Hoglund v. Neal

Decision Date14 May 2020
Docket NumberNo. 18-2949,18-2949
Citation959 F.3d 819
Parties Keith HOGLUND, Petitioner-Appellant, v. Ron NEAL, Warden, Respondent-Appellee.
CourtU.S. Court of Appeals — Seventh Circuit

Andrew James Bentz, Attorney, Jones Day, Washington, DC, for Petitioner-Appellant

Chandra Hein, Attorney, Andrew A. Kobe, Attorney, Office of the Attorney General, Indianapolis, IN, for Respondent-Appellee

Before Manion, Kanne, and Barrett, Circuit Judges.

Manion, Circuit Judge.

A jury found Keith Hoglund guilty of molesting his daughter. The district judge denied his petition for a writ of habeas corpus. We affirm.

I. Overview

Hoglund married Teresa Malott in 1998. She already had a 4-year-old son. The marriage produced two children. A.H. was born in 1998; her sister in 2001. A.H. testified she twice tried to tell her mother her father was molesting her. After the second time, Mallot went to the police. This followed shortly after Hoglund told her he committed adultery. Detective Holliday interviewed A.H. in February 2006. She said her father had her perform oral sex on him. So Dr. Butler examined A.H. in March 2006. Holliday interviewed Hoglund, who denied the allegations but also made several strange and incriminating statements. Indiana charged him with child molesting. A.H. met with Counselor Shestak in 2007 and Dr. Mayle in 2009. At trial in 2010, A.H. testified Hoglund sexually abused her from the ages of 4 or 5 to about 7. Indiana called Butler, Shestak, and Mayle to testify.

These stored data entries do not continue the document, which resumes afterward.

(* Let $D=(V,E;s,t)$, $N$, and $\mathscr{B}$ be as in the context. For every jump $Q\in\mathscr{J}$ there exists either an $s$-$t$ path $P$ with $\mathscr{J}_P=\{Q\}$ or a cycle $C$ with $\mathscr{J}_C=\{Q\}$.
   Context: $D=(V,E;s,t)$ is a directed network with unit arc capacities (parallel arcs allowed), $N\subseteq E$, and every arc lies on some $s$-$t$ path and every $s$-$t$ path contains an arc of $N$. A path is a set of arcs joining a sequence of distinct vertices along the same direction. Two paths are disjoint on $N$ if they share no arc of $N$. Fix a maximum-cardinality family $\mathscr{B}$ of $s$-$t$ paths pairwise disjoint on $N$; a $\mathscr{B}$-vertex is a vertex on some path of $\mathscr{B}$. A $u$-$v$ jump is a $u$-$v$ path whose end vertices $u,v$ are $\mathscr{B}$-vertices, none of whose intermediate vertices is a $\mathscr{B}$-vertex, and which is not a single arc of a path of $\mathscr{B}$; $(u,v)$ is its jump pair; $\mathscr{J}$ is the set of all jumps. For an $s$-$t$ path or a cycle $W$, cut $W$ at each of its $\mathscr{B}$-vertices into consecutive pieces, each going from a $\mathscr{B}$-vertex to the next $\mathscr{B}$-vertex along $W$; $\mathscr{J}_W$ is the set of those pieces that are jumps (i.e. are not single arcs of paths of $\mathscr{B}$), so that $W=P_0*Q_1*P_1*\cdots*Q_r*P_r$ with $P_i$ (possibly empty) subpaths of paths of $\mathscr{B}$ and $\mathscr{J}_W=\{Q_1,\dots,Q_r\}$. *)

(* Directed multigraph: arcs are elements of a finite type E,
   each arc e goes from [src e] to [tgt e] (parallel arcs allowed). *)
From mathcomp Require Import all_boot.
Set Implicit Arguments. Unset Strict Implicit. Unset Printing Implicit Defensive.

Section Network.
Variables (V E : finType) (src tgt : E -> V).

Fixpoint walk (u v : V) (p : seq E) : bool :=
  match p with
  | [::] => u == v
  | e :: p' => (src e == u) && walk (tgt e) v p'
  end.

Definition verts (u : V) (p : seq E) : seq V := u :: map tgt p.

Definition is_path (u v : V) (p : seq E) : bool := walk u v p && uniq (verts u p).

(* cycle: a nonempty closed walk whose vertices (other than the repeated
   start/end) are pairwise distinct *)
Definition is_cycle (c : seq E) : bool :=
  if c is e :: _ then walk (src e) (src e) c && uniq (map tgt c) else false.

Definition interior (u : V) (p : seq E) : seq V := behead (belast u (map tgt p)).

Variables (s t : V) (N : {set E}).

Definition disjoint_on_N (P1 P2 : seq E) : bool :=
  all (fun e => (e \in N) ==> (e \notin P2)) P1.

Definition N_disjoint_family (B : seq (seq E)) : bool :=
  all (is_path s t) B && pairwise disjoint_on_N B.

Variable B : seq (seq E).

Definition Bvert (x : V) : bool := has (fun P => x \in verts s P) B.

Definition single_B_arc (q : seq E) : bool :=
  has (fun P => has (fun e => q == [:: e]) P) B.

Definition is_jump (u v : V) (q : seq E) : bool :=
  [&& q != [::], is_path u v q, Bvert u, Bvert v,
      all (fun x => ~~ Bvert x) (interior u q) & ~~ single_B_arc q].

(* Cutting a walk at its B-vertices: the pieces from a B-vertex to the next
   B-vertex.  [started] records whether a B-vertex has been met already. *)
Fixpoint pieces_aux (started : bool) (acc : seq E) (p : seq E) : seq (seq E) :=
  match p with
  | [::] => [::]
  | e :: p' =>
      if Bvert (tgt e) then
        (if started then rcons acc e :: pieces_aux true [::] p'
         else pieces_aux true [::] p')
      else pieces_aux started (rcons acc e) p'
  end.

Definition pieces (u : V) (p : seq E) : seq (seq E) := pieces_aux (Bvert u) [::] p.

Definition path_jumps (W : seq E) : seq (seq E) :=
  [seq q <- pieces s W | ~~ single_B_arc q].

Definition cycle_jumps (C : seq E) : seq (seq E) :=
  let C' := rot (find (fun e => Bvert (src e)) C) C in
  if C' is e :: _ then [seq q <- pieces (src e) C' | ~~ single_B_arc q] else [::].

End Network.

From mathcomp Require Import all_boot.
Set Implicit Arguments. Unset Strict Implicit. Unset Printing Implicit Defensive.

(* A path of B from s through u gives an s-u path A, and
   a path of B through v gives a v-t path C; every arc of A and C lies on a path
   of B, so all their vertices are B-vertices, whereas the inner vertices of Q
   are not. If A and C share no vertex, A Q C is an s-t path. Otherwise let w be
   the first vertex of C that lies on A: Q, then C up to w, then A from w back
   to u is a cycle. Cutting either walk at its B-vertices, every piece except Q
   is a single arc of a path of B. *)

Section Walks.
Variables (V E : finType) (src tgt : E -> V).
Local Notation walk := (walk src tgt).
Local Notation verts := (verts tgt).
Local Notation is_path := (is_path src tgt).
Local Notation interior := (interior tgt).

Lemma walk_cat x y z p1 p2 : walk x y p1 -> walk y z p2 -> walk x z (p1 ++ p2).
Proof.
elim: p1 x => [|e p IH] x /=; first by move/eqP->.
by case/andP=> -> /IH h /h.
Qed.

Lemma walk_last x y p : walk x y p -> last x (map tgt p) = y.
Proof. by elim: p x => [|e p IH] x /=; [move/eqP | case/andP=> _ /IH]. Qed.

Lemma path_walk x y p : is_path x y p -> walk x y p.
Proof. by case/andP. Qed.

Lemma path_uniq_tgts x y p : is_path x y p -> uniq (map tgt p).
Proof. by case/andP=> _ /andP []. Qed.

Lemma path_notin_tgts x y p : is_path x y p -> x \notin map tgt p.
Proof. by case/andP=> _ /andP []. Qed.

Lemma verts_cat x p1 p2 : verts x (p1 ++ p2) = verts x p1 ++ map tgt p2.
Proof. by rewrite /verts map_cat. Qed.

Lemma verts_cat_walk x z p1 p2 : walk x z p1 ->
  verts x (p1 ++ p2) = belast x (map tgt p1) ++ verts z p2.
Proof. by move=> w; rewrite verts_cat -(walk_last w) /verts lastI cat_rcons. Qed.

Lemma tgts_interior x y p : walk x y p -> p != [::] ->
  map tgt p = rcons (interior x p) y.
Proof.
case: p => [//|e p] /= /andP [_ w] _.
by rewrite /interior /= -(walk_last w) -lastI.
Qed.

Lemma walk_splitP (P : pred V) x y p : walk x y p -> has P (verts x p) ->
  exists p1 p2 z, [/\ p = p1 ++ p2, walk x z p1, walk z y p2, P z
                    & {in verts x p1, forall w, P w -> w = z}].
Proof.
elim: p x => [|e p IH] x /=.
  move/eqP=> <-; rewrite orbF => Px.
  by exists [::], [::], x; split=> //= w; rewrite inE => /eqP.
case/andP=> /eqP ex w; case Px: (P x) => /= h.
  exists [::], (e :: p), x; split=> //=; first by rewrite ex eqxx.
  by move=> w'; rewrite inE => /eqP.
have [p1 [p2 [z [-> w1 w2 Pz minz]]]] := IH _ w h.
exists (e :: p1), p2, z; split=> //=; first by rewrite ex eqxx w1.
by move=> w'; rewrite in_cons => /predU1P [-> | /minz //]; rewrite Px.
Qed.

Lemma path_splitP (P : pred V) x y p : is_path x y p -> has P (verts x p) ->
  exists p1 p2 z, [/\ p = p1 ++ p2, is_path x z p1, is_path z y p2, P z
                    & {in verts x p1, forall w, P w -> w = z}].
Proof.
case/andP=> w u /(walk_splitP w) [p1 [p2 [z [ep w1 w2 Pz minz]]]].
exists p1, p2, z; split=> //; rewrite /is_path ?w1 ?w2.
  by move: u; rewrite ep verts_cat cat_uniq => /andP [].
by move: u; rewrite ep (verts_cat_walk _ w1) cat_uniq => /and3P [].
Qed.

Lemma uniq_catI (T : eqType) (a b : seq T) : uniq a -> uniq b ->
  {in a, forall x, x \notin b} -> uniq (a ++ b).
Proof.
move=> ua ub ab; rewrite cat_uniq ua ub andbT /=.
by apply/hasPn => x xb; apply/negP => /ab; rewrite xb.
Qed.

Variable X : pred V.

Lemma path_cat3 s u v t A Q C :
  is_path s u A -> is_path u v Q -> is_path v t C -> Q != [::] ->
  {subset verts s A <= X} -> {subset map tgt C <= X} ->
  {in interior u Q, forall x, ~~ X x} ->
  ~~ has (mem (verts s A)) (verts v C) -> is_path s t (A ++ Q ++ C).
Proof.
move=> pA pQ pC nQ XA XC XQ /hasPn noAC.
have tQ := tgts_interior (path_walk pQ) nQ.
rewrite /is_path (walk_cat (path_walk pA) (walk_cat (path_walk pQ) (path_walk pC))).
rewrite verts_cat map_cat; apply: uniq_catI; first by case/andP: pA.
- apply: uniq_catI; [exact: path_uniq_tgts pQ | exact: path_uniq_tgts pC |].
  move=> x; rewrite tQ mem_rcons in_cons => /predU1P [-> | /XQ nXx].
    exact: path_notin_tgts pC.
  by apply: contra nXx => /XC.
- move=> x xA; rewrite mem_cat negb_or; apply/andP; split.
    rewrite tQ mem_rcons in_cons negb_or; apply/andP; split.
      by apply: contraL xA => /eqP ->; apply: noAC; exact: mem_head.
    by apply: contraL (XA _ xA) => /XQ.
  by apply: contraL xA => xC; apply: noAC; rewrite /verts in_cons xC orbT.
Qed.

Lemma closed_walk_cycle x c : walk x x c -> c != [::] -> uniq (map tgt c) ->
  is_cycle src tgt c.
Proof. by case: c => [//|e c] /= /andP [/eqP ex w] _; rewrite ex eqxx w. Qed.

Lemma cycle_cat3 u v w Q C A :
  is_path u v Q -> Q != [::] -> is_path v w C -> is_path w u A ->
  {in interior u Q, forall x, ~~ X x} -> {subset map tgt C <= X} ->
  {subset map tgt A <= X} -> {in verts v C, forall x, x \in verts w A -> x = w} ->
  is_cycle src tgt (Q ++ C ++ A).
Proof.
move=> pQ nQ pC pA XQ XC XA meetCA.
have CnA x : x \in verts v C -> x \notin map tgt A.
  move=> xC; apply/negP => xA; have := path_notin_tgts pA.
  by rewrite -(meetCA x xC) ?xA // /verts in_cons xA orbT.
apply: (@closed_walk_cycle u).
- exact: walk_cat (path_walk pQ) (walk_cat (path_walk pC) (path_walk pA)).
- by case: (Q) nQ.
rewrite !map_cat; apply: uniq_catI; first exact: path_uniq_tgts pQ.
  apply: uniq_catI; [exact: path_uniq_tgts pC | exact: path_uniq_tgts pA |].
  by move=> x xC; apply: CnA; rewrite /verts in_cons xC orbT.
move=> x; rewrite (tgts_interior (path_walk pQ) nQ) mem_rcons in_cons mem_cat.
case/predU1P=> [-> | /XQ nXx].
  by rewrite negb_or (path_notin_tgts pC) CnA // mem_head.
by rewrite negb_or; apply/andP; split; apply: contra nXx; [move/XC | move/XA].
Qed.

Lemma path_or_cycle s u v t A Q C :
  is_path s u A -> is_path u v Q -> is_path v t C -> Q != [::] ->
  {subset verts s A <= X} -> {subset map tgt C <= X} ->
  {in interior u Q, forall x, ~~ X x} ->
  is_path s t (A ++ Q ++ C) \/
  exists A1 A2 C1 C2, [/\ A = A1 ++ A2, C = C1 ++ C2
                        & is_cycle src tgt (Q ++ C1 ++ A2)].
Proof.
move=> pA pQ pC nQ XA XC XQ.
case: (boolP (has (mem (verts s A)) (verts v C))) => meetAC; last first.
  by left; exact: path_cat3 pA pQ pC nQ XA XC XQ meetAC.
right; have [C1 [C2 [w [eC pC1 _ wA minw]]]] := path_splitP pC meetAC.
have wA' : has (pred1 w) (verts s A) by rewrite has_pred1.
have [A1 [A2 [w' [eA pA1 pA2 /eqP ww' _]]]] := path_splitP pA wA'.
subst w'; exists A1, A2, C1, C2; split=> //.
have XC1 : {subset map tgt C1 <= X}.
  by move=> x xC1; apply: XC; rewrite eC map_cat mem_cat xC1.
have XA2 : {subset map tgt A2 <= X}.
  by move=> x xA2; apply: XA; rewrite eA verts_cat mem_cat xA2 orbT.
apply: cycle_cat3 pQ nQ pC1 pA2 XQ XC1 XA2 _ => x xC1 xA2; apply: minw => //.
change (x \in verts s A).
by rewrite eA (verts_cat_walk _ (path_walk pA1)) mem_cat xA2 orbT.
Qed.

End Walks.

Section Jumps.
Variables (V E : finType) (src tgt : E -> V) (s : V) (B : seq (seq E)).
Local Notation Bvert := (Bvert tgt s B).
Local Notation single_B_arc := (single_B_arc B).
Local Notation is_jump := (is_jump src tgt s B).
Local Notation jumps p := [seq q <- pieces_aux tgt s B true [::] p | ~~ single_B_arc q].

Definition B_arc (e : E) : bool := has (fun P => e \in P) B.

Lemma B_arc_Bvert e : B_arc e -> Bvert (tgt e).
Proof.
by case/hasP=> P PB eP; apply/hasP; exists P; rewrite // /verts in_cons map_f ?orbT.
Qed.

Lemma B_arc_single e : B_arc e -> single_B_arc [:: e].
Proof. by case/hasP=> P PB eP; apply/hasP; exists P => //; apply/hasP; exists e. Qed.

Lemma B_arcs_tgts A : all B_arc A -> {subset map tgt A <= Bvert}.
Proof. by move=> /allP BA x /mapP [e /BA eA ->]; exact: B_arc_Bvert. Qed.

Lemma Bvert_s x : Bvert x -> Bvert s.
Proof. by case/hasP=> P PB _; apply/hasP; exists P; rewrite // mem_head. Qed.

Lemma jumps_B_arcs_cat A p : all B_arc A -> jumps (A ++ p) = jumps p.
Proof.
elim: A => //= e A IH /andP [eB /IH <-].
by rewrite (B_arc_Bvert eB) /= (B_arc_single eB).
Qed.

Lemma pieces_aux_jump_cat u v Q p : is_jump u v Q ->
  pieces_aux tgt s B true [::] (Q ++ p) = Q :: pieces_aux tgt s B true [::] p.
Proof.
case/and5P=> nQ /andP [wQ _] _ Bv /andP [intQ _].
case/lastP: Q nQ wQ intQ => [//|Q e] nQ wQ.
have /eqP := tgts_interior wQ nQ.
rewrite map_rcons eqseq_rcons => /andP [/eqP <- /eqP ev].
rewrite all_map; suff pieces_acc acc : all (preim tgt (predC Bvert)) Q ->
    pieces_aux tgt s B true acc (rcons Q e ++ p) =
    rcons (acc ++ Q) e :: pieces_aux tgt s B true [::] p by exact: pieces_acc.
elim: Q acc {nQ wQ} => [|e' Q IH] acc /=; first by rewrite ev Bv cats0.
by case/andP=> /negbTE -> /IH ->; rewrite cat_rcons.
Qed.

Lemma jumps_jump_cat u v Q D : is_jump u v Q -> all B_arc D -> jumps (Q ++ D) = [:: Q].
Proof.
move=> jQ BD; rewrite (pieces_aux_jump_cat _ jQ) /=.
case/and5P: jQ => _ _ _ _ /andP [_ ->].
by rewrite -[D]cats0 jumps_B_arcs_cat.
Qed.

Lemma path_jumps_jump_cat u v A Q C : is_jump u v Q -> all B_arc A -> all B_arc C ->
  path_jumps tgt s B (A ++ Q ++ C) = [:: Q].
Proof.
move=> jQ BA BC; have /and5P [_ _ Bu _ _] := jQ.
by rewrite /path_jumps /pieces (Bvert_s Bu) jumps_B_arcs_cat // (jumps_jump_cat jQ).
Qed.

Lemma cycle_jumps_jump_cat u v Q D : is_jump u v Q -> all B_arc D ->
  cycle_jumps src tgt s B (Q ++ D) = [:: Q].
Proof.
move=> jQ BD; have /and5P [] := jQ.
case: Q jQ => [//|e Q] jQ _ /andP [/andP [/eqP eu _] _] Bu _ _.
by rewrite /cycle_jumps /= eu Bu rot0 /pieces eu Bu -cat_cons (jumps_jump_cat jQ).
Qed.

Section BPaths.
Variable t : V.
Hypothesis B_st_paths : all (is_path src tgt s t) B.

Lemma B_path_prefix u : Bvert u -> exists2 A, is_path src tgt s u A & all B_arc A.
Proof.
case/hasP=> P PB uP; have uP' : has (pred1 u) (verts tgt s P) by rewrite has_pred1.
have [A [C [w [eP pA _ /eqP wu _]]]] := path_splitP (allP B_st_paths P PB) uP'.
subst w; exists A => //; apply/allP => e eA; apply/hasP; exists P => //.
by rewrite eP mem_cat eA.
Qed.

Lemma B_path_suffix v : Bvert v -> exists2 C, is_path src tgt v t C & all B_arc C.
Proof.
case/hasP=> P PB vP; have vP' : has (pred1 v) (verts tgt s P) by rewrite has_pred1.
have [A [C [w [eP _ pC /eqP wv _]]]] := path_splitP (allP B_st_paths P PB) vP'.
subst w; exists C => //; apply/allP => e eC; apply/hasP; exists P => //.
by rewrite eP mem_cat eC orbT.
Qed.

End BPaths.

End Jumps.

Theorem lemma3 (V E : finType) (src tgt : E -> V) (s t : V) (N : {set E})
  (hE : forall e : E, exists P, is_path src tgt s t P /\ e \in P)
  (hN : forall P, is_path src tgt s t P -> has (fun e => e \in N) P)
  (B : seq (seq E))
  (hB : N_disjoint_family src tgt s t N B)
  (hmax : forall B', N_disjoint_family src tgt s t N B' -> size B' <= size B)
  (u v : V) (Q : seq E) (hQ : is_jump src tgt s B u v Q) :
  (exists P, is_path src tgt s t P /\
     forall q, (q \in path_jumps tgt s B P) = (q == Q)) \/
  (exists C, is_cycle src tgt C /\
     forall q, (q \in cycle_jumps src tgt s B C) = (q == Q)).
Proof.
case/andP: hB => B_st_paths _.
have /and5P [nQ pQ Bu Bv /andP [/allP intQ _]] := hQ.
have [A pA BA] := B_path_prefix B_st_paths Bu.
have [C pC BC] := B_path_suffix B_st_paths Bv.
have BvA : {subset verts tgt s A <= Bvert tgt s B}.
  move=> x; rewrite /verts in_cons => /predU1P [-> | /(B_arcs_tgts s BA)//].
  exact: Bvert_s Bu.
case: (path_or_cycle pA pQ pC nQ BvA (B_arcs_tgts s BC) intQ).
  move=> pP; left; exists (A ++ Q ++ C); split=> // q.
  by rewrite (path_jumps_jump_cat hQ) ?mem_seq1.
move=> [A1 [A2 [C1 [C2 [eA eC cQ]]]]]; right; exists (Q ++ C1 ++ A2); split=> // q.
move: BA BC; rewrite eA eC !all_cat => /andP [_ BA2] /andP [BC1 _].
by rewrite (cycle_jumps_jump_cat hQ) ?mem_seq1 // all_cat BC1.
Qed.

They relayed what A.H. told them and they essentially said they believed her. Hoglund also testified. He denied abusing A.H. But the jury found him guilty. The judge sentenced him to 50 years. After exhausting state proceedings, he petitioned the district court for a writ of habeas corpus. He raised two basic issues that survive for us.

First, he claimed ineffective assistance of counsel because his trial attorney failed to object properly to hearsay. Defense counsel made some hearsay objections when the prosecutor asked the experts to say what A.H. said. But when the prosecutor invoked the medical exception under Indiana Rule of Evidence 803(4), defense counsel failed to assert the lack of a foundation that A.H. thought she was speaking to the experts for diagnosis or treatment. The district judge decided defense counsel was deficient but the state court’s holding that this did not prejudice Hoglund was not objectively unreasonable.

Second, he claimed the admission of the experts’ vouching violated due process. Indiana precedent at the time of trial— Lawrence v. State , 464 N.E.2d 923 (Ind. 1984), overruled by Hoglund v. State , 962 N.E.2d 1230 (Ind. 2012) —allowed limited, indirect vouching. Some instances of vouching at trial satisfied this precedent and were admitted. Others did not, but still came in. On direct appeal, the Indiana Supreme Court overruled Lawrence and banned indirect vouching. But the court denied Hoglund relief because the error was harmless. The district judge questioned the state court’s harmless-error analysis, but concluded he could not find the determination that the error did not prejudice Hoglund was unreasonable.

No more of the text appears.